Time response
This package calculates all scattering in the frequency domain, and we call the resulting field the frequency response $\hat u(\mathbf x,\omega)$, which satisfies $\nabla^2 \hat u(\mathbf x,\omega) + k^2 \hat u(\mathbf x,\omega) = 0$, where $k = \dfrac{\omega}{c}$. We can transform the frequency response $\hat u(\mathbf x,\omega)$ into a time response $u(\mathbf x,t)$ using a Fourier transform, where $u(\mathbf x,t)$ satisfies $\nabla^2 u(\mathbf x,t) - \frac{1}{c^2} \frac{\partial^2}{\partial t^2}u(\mathbf x,t) = 0$. For a minimal example see Results in time, or see Technical details for more maths.
The package assumes the time response $u(\mathbf x,t)$ is always real, this simplifies the Fourier transform.
Intro
As an example, let use a plane-wave source $\mathrm e^{\mathrm i \omega x}$ and measure the response at origin of the source $x = (0,0)$,
using MultipleScattering;
plane_wave = plane_source(Acoustic(1.0, 1.0, 2); direction = [1.0, 0.0], position = [0.0, 0.0]);
x = [[0.0, 0.0]];
ωs = LinRange(0.0, 1.0, 100);
freq_response = run(plane_wave, x, ωs);
t_vec = LinRange(-20.0, 80.0, 110);
time_response = frequency_to_time(freq_response; t_vec = t_vec);
where we specified the times t_vec
to calculate time_response
. If no t_vec
is given, the default times would be t_vec = ω_to_t(ωs)

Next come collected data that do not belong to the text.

Lemma opnorm_add_TadjT : opnorm ip (fun x => T x + T (Tadj (T x))) = g + g ^+ 3.
Proof.
have g0 := opnorm_lin_ge0 hH bT.
apply/eqP; rewrite eq_le opnorm_le_mul ?addr_ge0 ?exprn_ge0 //=.
  have -> : g + g ^+ 3 = (1 + g ^+ 2) * g by rewrite mulrDl mul1r -exprSr.
  apply: (opnorm_ge_gram_perturbation hH bT adjT).
  - by rewrite addr_ge0 ?sqr_ge0.
  - exact: (bounded_opD hH bT bounded_op_TadjT).
  - move=> x; rewrite TadjT_gram_decomposition addrA -[X in X + _ + _]scale1r.
    by rewrite -scalerDl -[1 : R[i]](rmorph1 (real_complex R)) -rmorphD.
move=> x; rewrite mulrDl; apply: le_trans (hnormD_le hH _ _) _.
by rewrite lerD ?hnorm_lin_le ?hnorm_TadjT_le.
Qed.

Lemma opnorm_attained_TadjT :
  dist_compact ip (fun x => T (Tadj (T x))) < g ^+ 3 ->
  exists x, nrm x <= 1 /\ g <= nrm (T x).
Proof.
rewrite -opnorm_TadjT => /(opnorm_attained_of_dist_compact hH bounded_op_TadjT ip_TadjT).
case=> x [x1]; rewrite opnorm_TadjT => leSx; exists x; split=> //.
have leS : g ^+ 3 <= g ^+ 2 * nrm (T x).
  apply: le_trans leSx _; apply: le_trans (hnorm_lin_le hH bT _) _.
  by rewrite expr2 -mulrA ler_wpM2l ?opnorm_lin_ge0 ?hnorm_adj_le.
rewrite leNgt; apply/negP => ltTg.
have g_gt0 : 0 < g := le_lt_trans (hnorm_ge0 ip (T x)) ltTg.
by move: leS; rewrite exprSr ler_pM2l ?exprn_gt0 // leNgt ltTg.
Qed.

End TripleProduct.

Theorem corollary2p9 (R : realType) (V : lmodType R[i]) (ip : V -> V -> R[i])
  (hH : is_hilbert ip) (T Tadj : {linear V -> V})
  (hT : bounded_op ip T)
  (hadj : forall x y : V, ip (T x) y = ip x (Tadj y)) :
  let S := fun x : V => T (Tadj (T x)) in
  opnorm ip (fun x => T x + S x) = opnorm ip T + opnorm ip T ^+ 3 /\
  (~ (forall x : V, T x = 0) ->
   (dist_compact ip T < opnorm ip T \/ dist_compact ip S < opnorm ip S) ->
   exists xo : V, hnorm ip xo = 1 /\
     rC (opnorm ip T)^-1 *: T xo = rC (opnorm ip S)^-1 *: S xo /\
     hnorm ip (T xo) = opnorm ip T /\
     hnorm ip (S xo) = opnorm ip S).
Proof.
move=> S; split; first exact: opnorm_add_TadjT.
rewrite /S (opnorm_TadjT hH hT hadj) => T_neq0 ltdist.
set g := opnorm ip T; have g_gt0 : 0 < g := opnorm_lin_gt0 hH hT T_neq0.
have [xo [xo1 leTxo]] : exists xo, hnorm ip xo <= 1 /\ g <= hnorm ip (T xo).
  case: ltdist; first exact: (opnorm_attained_of_dist_compact hH hT hadj).
  exact: opnorm_attained_TadjT.
have [nxo nTxo eig] := opnorm_attained_eigen hH hT hadj g_gt0 xo1 leTxo.
have Sxo : T (Tadj (T xo)) = rC (g ^+ 2) *: T xo by rewrite eig linearZ.
exists xo; rewrite Sxo hnormZ ?sqr_ge0 // nTxo -exprSr scalerA -rmorphM.
by rewrite exprSr invfM mulrAC mulVf ?expf_neq0 ?gt_eqF // mul1r.
Qed.
Lemma star_hit_le j : j != c -> P c j <= (1 - P c c) / n%:R ->
  forall t l, l != j -> hit_le P t l j <= star_value t l.
Proof.
move=> j0 light; have [P_ge0 P1 _] := P_star.
elim=> [|t IH] l lj; first by rewrite hit_le0 star_value0.
apply: le_trans (hit_leS_le (P_ge0 l) IH) _.
have [->|l0] := eqVneq l c; last first.
  rewrite star_leaf_leaf_eq0 // add0r.
  apply: le_trans (_ : \sum_(l' | l' != j) P l l' * star_value t c <= _).
    apply: ler_sum => l' _; apply: ler_wpM2l; first exact: P_ge0.
    exact: star_value_le_center.
  rewrite -big_distrl /= sum_row_neq // star_leaf_leaf_eq0 // subr0 mul1r.
  by rewrite star_value_center star_value_leaf.
have rest : \sum_(l' | (l' != j) && (l' != c)) P c l' = 1 - P c j - P c c.
  by rewrite -sum_row_neq // [in RHS](bigD1 c) 1?eq_sym //= addrC addrK.
have center_le : geom_cdf (uphalf t) <= geom_cdf (t./2).+1.
  by apply: geom_cdf_le; rewrite uphalfE (half_leq (_ : t.+1 <= t.+2)%N).
rewrite (bigD1 c) 1?eq_sym //=.
rewrite (eq_bigr (fun l' => P c l' * geom_cdf t./2)); last first.
  by move=> l' /andP[_ l'0]; rewrite star_value_leaf.
rewrite -big_distrl /= rest !star_value_center /=.
have X_ge0 : 0 <= r ^+ t./2 by rewrite exprn_ge0 // r_ge0.
have slack_ge0 : 0 <= (1 - P c c) / n%:R - P c j by rewrite subr_ge0.
have := ler_wpM2l (P_ge0 c c) center_le.
(* the gap to the bound is [r ^+ t./2 * slack] *)
have := mulr_ge0 X_ge0 slack_ge0.
rewrite /geom_cdf exprS; lra.
Qed.

Lemma star_hit_ub tau :
  (1 < n)%N -> exists i j, hit_le P tau i j <= geom_cdf tau./2.
Proof.
move=> n_gt1; have [j j0 light] := exists_light_leaf.
have [i i0 ij] := exists_other_leaf j n_gt1.
by exists i, j; rewrite -(star_value_leaf tau i0); exact: star_hit_le.
Qed.

End ConformingStrategy.

End StarGraph.

Theorem theorem2 (R : realType) (n tau : nat) (hn : (3 <= n)%N)
  (htau : (2 <= tau <= 2 * n - 3)%N) :
  let V : R := 1 - (1 - (n.-1%:R)^-1) ^+ (if odd tau then tau.-1./2 else tau./2) in
  [/\ mc_strategy (@star_edge n) (Pstar R n),
      (* min_{i,j} P(T_ij(P^* ) <= tau) = V *)
      (forall i j : 'I_n, V <= hit_le (Pstar R n) tau i j),
      (exists i j : 'I_n, hit_le (Pstar R n) tau i j = V)
    & (* every conforming strategy has min_{i,j} P(T_ij(P) <= tau) <= V *)
      forall P : 'M[R]_n, mc_strategy (@star_edge n) P ->
        exists i j : 'I_n, hit_le P tau i j <= V].
Proof.
case: n hn htau => // n; rewrite ltnS => n_gt1 /andP[tau_gt1 _] V.
have n_gt0 : (0 < n)%N := ltnW n_gt1.
rewrite {}/V half_if_odd /=.
split.
- exact: Pstar_strategy.
- by move=> i j; apply: Pstar_hit_ge.
- case: tau tau_gt1 => // t _; pose j := lift ord0 (Ordinal n_gt0).
  by exists j, j; apply: (@Pstar_hit_self R n n_gt0); rewrite eq_sym neq_lift.
- by move=> P hP; apply: star_hit_ub.
Qed.
Lemma fpot_is_derive v : 0 < v -> is_derive (fpot n a b d C H) v (fpot' n a b d H v).
Proof.
  intros Hv. unfold fpot, fpot', fpot_quad.
  assert (v ^ n <> 0) by (apply pow_nonzero; lra). auto_derive; [tauto |].
  destruct n as [| m]; [lia |]. simpl Init.Nat.pred. rewrite S_INR.
  assert (v ^ m <> 0) by (apply pow_nonzero; lra).
  change (v ^ S m) with (v * v ^ m) in *. field. split; lra.
Qed.

Lemma fpot'_is_derive v : 0 < v -> is_derive (fpot' n a b d H) v (fpot'' n a b d H v).
Proof.
  intros Hv. unfold fpot', fpot'', fpot_quad.
  assert (v ^ n <> 0) by (apply pow_nonzero; lra). auto_derive; [tauto |].
  destruct n as [| m]; [lia |]. simpl Init.Nat.pred. rewrite S_INR.
  assert (v ^ m <> 0) by (apply pow_nonzero; lra).
  change (v ^ S m) with (v * v ^ m) in *. field. split; lra.
Qed.

Lemma fpot_force_eq v : 0 < v -> / 2 * Derive (fpot n a b d C H) v = / 2 * fpot' n a b d H v.
Proof. intros Hv. f_equal. apply is_derive_unique, fpot_is_derive, Hv. Qed.

Lemma fpot_is_derive_force v : 0 < v ->
  is_derive (fpot n a b d C H) v (2 * (/ 2 * Derive (fpot n a b d C H) v)).
Proof.
  intros Hv. rewrite fpot_force_eq by exact Hv.
  replace (2 * (/ 2 * fpot' n a b d H v)) with (fpot' n a b d H v) by field.
  now apply fpot_is_derive.
Qed.

Lemma fpot_force_lipschitz : locally_lipschitz_pos (fun v => / 2 * Derive (fpot n a b d C H) v).
Proof.
  apply (locally_lipschitz_pos_ext (fun v => / 2 * fpot' n a b d H v)).
  { intros v Hv. symmetry. now apply fpot_force_eq. }
  apply (locally_lipschitz_pos_C1 _ (fun v => / 2 * fpot'' n a b d H v)).
  - intros v Hv. now apply is_derive_scal, fpot'_is_derive.
  - intros v Hv. apply continuity_pt_filterlim.
    apply (ex_derive_continuous (fun v => / 2 * fpot'' n a b d H v)). unfold fpot''.
    assert (v ^ n <> 0) by (apply pow_nonzero; lra). auto_derive. tauto.
Qed.
Lemma RH_iff_form a b c p : 0 <= a -> 0 <= b -> 0 <= c ->
  RH a b c p <-> positive3 p /\ 0 < RH_form a b c p.
Proof.
  intros Ha Hb Hc; split.
  - intro Hp; pose proof (RH_positive3 _ _ _ _ Hp) as Hpos; split; [easy|].
    destruct p as [[x1 x2] x3], Hpos as (H1 & H2 & H3).
    now apply RH_iff_Qf.
  - intros [(H1 & H2 & H3) Hf]; destruct p as [[x1 x2] x3].
    now apply RH_iff_Qf.
Qed.

Lemma cont_at_RH_form a b c p : positive3 p -> cont_at dist3 (fun _ => True) (RH_form a b c) p.
Proof.
  intros (H1 & H2 & H3).
  assert (Hid : cont3_at dist3 (fun _ => True) (fun q => q) p)
    by (intros e He; exists e; split; auto).
  apply cont3_at_iff in Hid as (C1 & C2 & C3).
  apply (cont_at_comp _ _ coth) in C1, C2, C3; try (apply continuity_pt_coth; assumption).
  unfold RH_form, Qf.
  repeat first [ assumption | apply cont_at_const | apply cont_at_plus
               | apply cont_at_minus | apply cont_at_mult ].
Qed.

Lemma RH_path_connected a b c : 0 <= a -> 0 <= b -> 0 <= c -> path_connected3 (RH a b c).
Proof.
  intros Ha Hb Hc; apply (segments_path_connected _ mix).
  - intros; now apply mix_RH.
  - apply mix_0.
  - apply mix_1.
  - intros; now apply cont3_at_mix; try apply (RH_positive3 a b c).
Qed.

Theorem lemma3p1 (Iij Ijk Iki : R) (hij : 0 <= Iij) (hjk : 0 <= Ijk) (hki : 0 <= Iki) :
  (forall p : R3, RH Iij Ijk Iki p ->
     let '(ri, rj, rk) := p in 0 < ri /\ 0 < rj /\ 0 < rk) /\
  open3 (RH Iij Ijk Iki) /\
  connected3 (RH Iij Ijk Iki) /\
  simply_connected3 (RH Iij Ijk Iki).
Proof.
  split; [|split; [|split]].
  - intros [[ri rj] rk] Hp; exact (RH_positive3 _ _ _ _ Hp).
  - apply (open_positivity_set _ (RH_form Iij Ijk Iki)).
    + intro p; now apply RH_iff_form.
    + apply cont_at_RH_form.
  - now apply connected_of_path_connected, RH_path_connected.
  - split; [now apply RH_path_connected|].
    apply (segments_contract_loops _ mix).
    + intros; now apply mix_RH.
    + apply mix_0.
    + apply mix_1.
    + apply mix_diag.
    + intros; now apply cont3_at_mix; try apply (RH_positive3 Iij Ijk Iki).
Qed.
Lemma prob_empty : P (fun _ => False) = 0.
Proof.
  set (a := P (fun _ => False)).
  assert (Hsum : Un_cv (sum_f_R0 (fun _ => a)) a).
  { pose proof (proj2 (proj2 (proj2 HP)) (fun _ _ => False)
      (fun _ => event_empty HF) (fun _ _ _ _ H _ => H)) as Hadd; cbv beta in Hadd.
    replace (fun w : Omega => exists _ : nat, False) with (fun _ : Omega => False)
      in Hadd by (apply pred_ext; intro w; split; [tauto | intros [_ []]]).
    exact Hadd. }
  (* consecutive partial sums differ by [a] and have the same limit *)
  assert (Hdiff : Un_cv (fun n => sum_f_R0 (fun _ => a) (n + 1) -
                                  sum_f_R0 (fun _ => a) n) (a - a)).
  { apply CV_minus; [apply CV_shift' |]; exact Hsum. }
  replace (fun n => sum_f_R0 (fun _ => a) (n + 1) - sum_f_R0 (fun _ => a) n)
    with (fun _ : nat => a) in Hdiff
    by (apply functional_extensionality; intro n; rewrite Nat.add_1_r; simpl; ring).
  assert (Hconst : Un_cv (fun _ : nat => a) a).
  { intros eps Heps; exists O; intros n _.
    unfold Rdist; rewrite Rminus_diag, Rabs_R0; lra. }
  pose proof (UL_sequence _ _ _ Hconst Hdiff); lra.
Qed.

Lemma prob_ext A B : (forall w, A w <-> B w) -> P A = P B.
Proof. intros H; rewrite (pred_ext H); auto. Qed.

Lemma prob_split X E : F X -> F E ->
  P X = P (fun w => X w /\ E w) + P (fun w => X w /\ ~ E w).
Proof.
  intros HX HE.
  set (A := fun n : nat => match n with
    | O => fun w => X w /\ E w
    | 1%nat => fun w => X w /\ ~ E w
    | _ => fun _ => False end).
  assert (HA : forall n, F (A n)).
  { intros [|[|n]]; simpl.
    - apply (event_inter HF); auto.
    - apply (event_inter HF); auto; apply (event_compl HF); auto.
    - apply (event_empty HF). }
  assert (Hdisj : forall n m w, n <> m -> A n w -> A m w -> False).
  { intros [|[|n]] [|[|m]] w Hnm; simpl; try tauto; lia. }
  pose proof (proj2 (proj2 (proj2 HP)) A HA Hdisj) as Hadd.
  replace (fun w => exists n, A n w) with X in Hadd.
  2:{ apply pred_ext; intro w; split.
      - intro Hx; destruct (classic (E w)); [exists O | exists 1%nat]; simpl; auto.
      - intros [[|[|n]] Hn]; simpl in Hn; tauto. }
  refine (uniqueness_sum _ _ _ Hadd (@infinite_sum_eventually_zero _ 1%nat _)).
  intros [|[|n]] Hn; try lia; apply prob_empty.
Qed.
(* Let $v$ be a scalar-valued function on an open set $\Omega\subseteq\mathbb{R}^n$ ($n>1$), let $\lambda\neq0$ be a complex number, let $\underline{f}$ be a vector-valued solution of the Clifford Riccati equation $\partial_{\underline{x}}\underline{f}+\underline{f}^2=v$, and let $\phi$ be a scalar-valued solution of the Schrödinger equation $(-\Delta_n - vI)\phi=\lambda^2\phi$. Then the vector-valued function \[\underline{h}=\sum_{j=1}^n h_je_j=\partial_{\underline{x}}^{-\underline{f}}\phi=\partial_{\underline{x}}\phi-\phi\,\underline{f}\] is a solution of the equation \[\underline{h}\,(-\Delta_n - v) - 2\sum_{j=1}^n h_j\,\partial_{x_j}\underline{f}=\lambda^2\underline{h},\] where $\underline{h}\,(-\Delta_n - v)$ stands for $-\Delta_n\underline{h}-\underline{h}\,v$.
   Context: $\mathbb{R}_{0,n}$ is the real Clifford algebra generated by an orthonormal basis $e_1,\dots,e_n$ of $\mathbb{R}^n$ with relations $e_je_k+e_ke_j=-2\delta_{jk}$; $\mathbb{C}_n=\mathbb{R}_{0,n}\otimes\mathbb{C}$. The Dirac operator is $\partial_{\underline{x}}=\sum_{j=1}^n e_j\partial_{x_j}$, acting from the left; $\Delta_n=-\partial_{\underline{x}}^2$ is the Laplacian (acting componentwise). $M^f$ denotes right multiplication by $f$, and $\partial_{\underline{x}}^{\pm f}=\partial_{\underline{x}}\pm M^f$. *)

From HB Require Import structures.
From mathcomp Require Import all_boot all_order all_algebra.
From mathcomp Require Import all_classical all_reals all_analysis.
From mathcomp Require Import complex.

Set Implicit Arguments.
Unset Strict Implicit.
Unset Printing Implicit Defensive.

Import Order.TTheory GRing.Theory Num.Theory.
Import numFieldNormedType.Exports.

Local Open Scope ring_scope.
Local Open Scope complex_scope.

Section Clifford.
Variables (R : realType) (n : nat).

(* Elements of the complex Clifford algebra C_n = R_{0,n} (x) C, written in
   the basis of blades e_A = e_{a_1} ... e_{a_k} (a_1 < ... < a_k), A a subset
   of {0,..,n-1} (e_{set0} = 1). *)
Definition Cl := {ffun {set 'I_n} -> R[i]}.

(* sign of e_A e_B = sgnAB A B * e_{A (+) B}: one sign per inversion
   (a in A, b in B, b < a) and one -1 per common generator (e_j^2 = -1). *)
Definition sgnAB (A B : {set 'I_n}) : R[i] :=
  (-1) ^+ (#|[set p : 'I_n * 'I_n | (p.1 \in A) && (p.2 \in B) && (p.2 < p.1)%N]|
           + #|A :&: B|).

Definition symdiff (A B : {set 'I_n}) : {set 'I_n} := (A :\: B) :|: (B :\: A).

Definition clmul (a b : Cl) : Cl :=
  [ffun D => \sum_(A : {set 'I_n}) \sum_(B : {set 'I_n})
               (if symdiff A B == D then sgnAB A B * a A * b B else 0)].

Definition clscal (s : R[i]) : Cl := [ffun A => if A == finset.set0 then s else 0].

Definition clvec (h : 'I_n -> R[i]) : Cl :=
  [ffun A => \sum_(j < n) (if A == [set j] then h j else 0)].

Definition clgen (j : 'I_n) : Cl := [ffun A => if A == [set j] then 1 else 0].

Definition clcomp (a : Cl) (j : 'I_n) : R[i] := a [set j].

which is the standard choice for the Discrete Fourier Transform.
Let us have a look at these responses:
using Plots;
p1 = plot(freq_response, xlims = (0, 2), ylims = (0.0, 1.5), field_apply = real);
p2 = plot(time_response);
plot(p1, p2)
Note how the time response has lobes after and before the largest signal. This is often undesirable, as we usually want signal which are compact in the time domain, i.e. zero before and after the largest signal. These lobes are called Gibbs Phenomena. They are caused by only calculating the frequency response $\hat u(\mathbf x,\omega)$ up to $\omega \leq 1$, and then (usually), taking $\hat u(\mathbf x,\omega) = 0$ for $\omega > 1$ when calculating the Fourier transform.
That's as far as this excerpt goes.